On a basic level, the Apple Watch and Android Wear are both driven by actionable notifications such as the ability to delete an email or respond to a message straight from the watch as well as information cards that you can quickly glance at. The primary difference appears to be in the way everything's laid out.
Android Wear's interface is like a big spinal cord, with glance able cards, actionable notifications and even music playback controls mashed up into a single, vertical menu. Swiping to the right of any notification brings up potential actions (such as delete and reply buttons for email). In some cases you can launch a proper watch app from its corresponding notification.
The Apple Watch takes a more tentacle approach. Instead of combining glances and notifications into a single column, the two are distinct entities. When you want a quick hit of simple information, such as a current stock price or sports score, you swipe up to the Glances section, then swipe across to the info card you're looking for. Tapping on a Glance leads to its corresponding app if you want to do more.
Notifications on the Apple Watch are more fleeting, popping up with only minimal information at first. If you tap the screen or keep your wrist raised, more information and possible actions appear. Otherwise, the notification disappears.
There are pros and cons to both approaches. Android Wear's single stack of cards seems simpler to navigate, and it allows apps to push out glanceable information only when it's going to be helpful (such as when a sports score changes). On the other hand, Apple gives users more control over what they're looking at and more privacy for incoming notifications. Apple's interface also prevents users from having a big pileup of unaddressed notifications to wade through.
Both systems tackle the same overarching concepts in slightly different ways.
Several other factors set Android Wear and Apple Watch apart. The most obvious difference is the hardware itself, with Apple focusing on a single device (in two sizes) and Google working with hardware partners on a wide variety of shapes, sizes and prices. By controlling the hardware, Apple is placing a bigger bet on new interaction models, such as the Digital Crown for non-touch controls and Force Touch for pressure-sensitive touch commands.
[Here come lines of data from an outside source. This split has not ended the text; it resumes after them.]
(* Probability that the Galton-Watson tree rooted at a vertex of type
   [ty] (true = type 1, false = type 2) equals the finite tree [t]. *)
Fixpoint gw_weight (p0 p1 p2 q0 q1 q2 : R) (ty : bool) (t : tree) : R :=
  match t with
  | Leaf => if ty then p0 else q0
  | Unary u => (if ty then p1 else q1) * gw_weight p0 p1 p2 q0 q1 q2 ty u
  | Binary l r => (if ty then p2 else q2)
                  * gw_weight p0 p1 p2 q0 q1 q2 true l
                  * gw_weight p0 p1 p2 q0 q1 q2 false r
  end.

(* Number of fathers (vertices with two children) of type 1 (when
   [which] = true) resp. type 2 (when [which] = false), in the tree [t]
   whose root has type [ty]. *)
Fixpoint fathers (which : bool) (ty : bool) (t : tree) : nat :=
  match t with
  | Leaf => 0
  | Unary u => fathers which ty u
  | Binary l r =>
      (if Bool.eqb which ty then 1 else 0)%nat
      + fathers which true l + fathers which false r
  end.

(* Enumeration (with fuel) of all trees with exactly k edges. *)
Fixpoint gen (fuel k : nat) : list tree :=
  match fuel with
  | O => match k with O => [Leaf] | _ => [] end
  | S f =>
      match k with
      | O => [Leaf]
      | S O => map Unary (gen f O)
      | S (S j as k') =>
          map Unary (gen f k')
          ++ flat_map (fun i => flat_map (fun l => map (Binary l) (gen f (j - i)))
                                           (gen f i))
                      (seq 0 (S j))
      end
  end.

Definition trees_of_size (k : nat) : list tree := gen k k.

Definition sumR (l : list R) : R := fold_right Rplus 0 l.

Definition mass_size (p0 p1 p2 q0 q1 q2 : R) (pred : tree -> bool) (k : nat) : R :=
  sumR (map (gw_weight p0 p1 p2 q0 q1 q2 true) (filter pred (trees_of_size k))).

Definition narayana (n k : nat) : R := / INR n * C n k * C n (k - 1).

From Stdlib Require Import Reals List Arith Lia Lra.
From Coquelicot Require Import Hierarchy Series.
Import ListNotations.
Open Scope R_scope.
The Apple Watch also has the advantage in mobile payments through its support for Apple Pay, which is already gaining traction among iPhone users. Google has its own mobile wallet service, but hasn't announced Android Wear support, and no current watches have the necessary NFC capabilities built-in.
But despite all these differences, the Apple Watch and Android Wear don't seem fundamentally different. They both, in essence, try to save us the trouble of using our phones by delivering quick bursts of information, and acting as collectors of data (fitness data in particular) to help us live richer lives. In doing so, they ensure that the Apple-Google rivalry will be just as fierce on wearables as it has been on smartphones.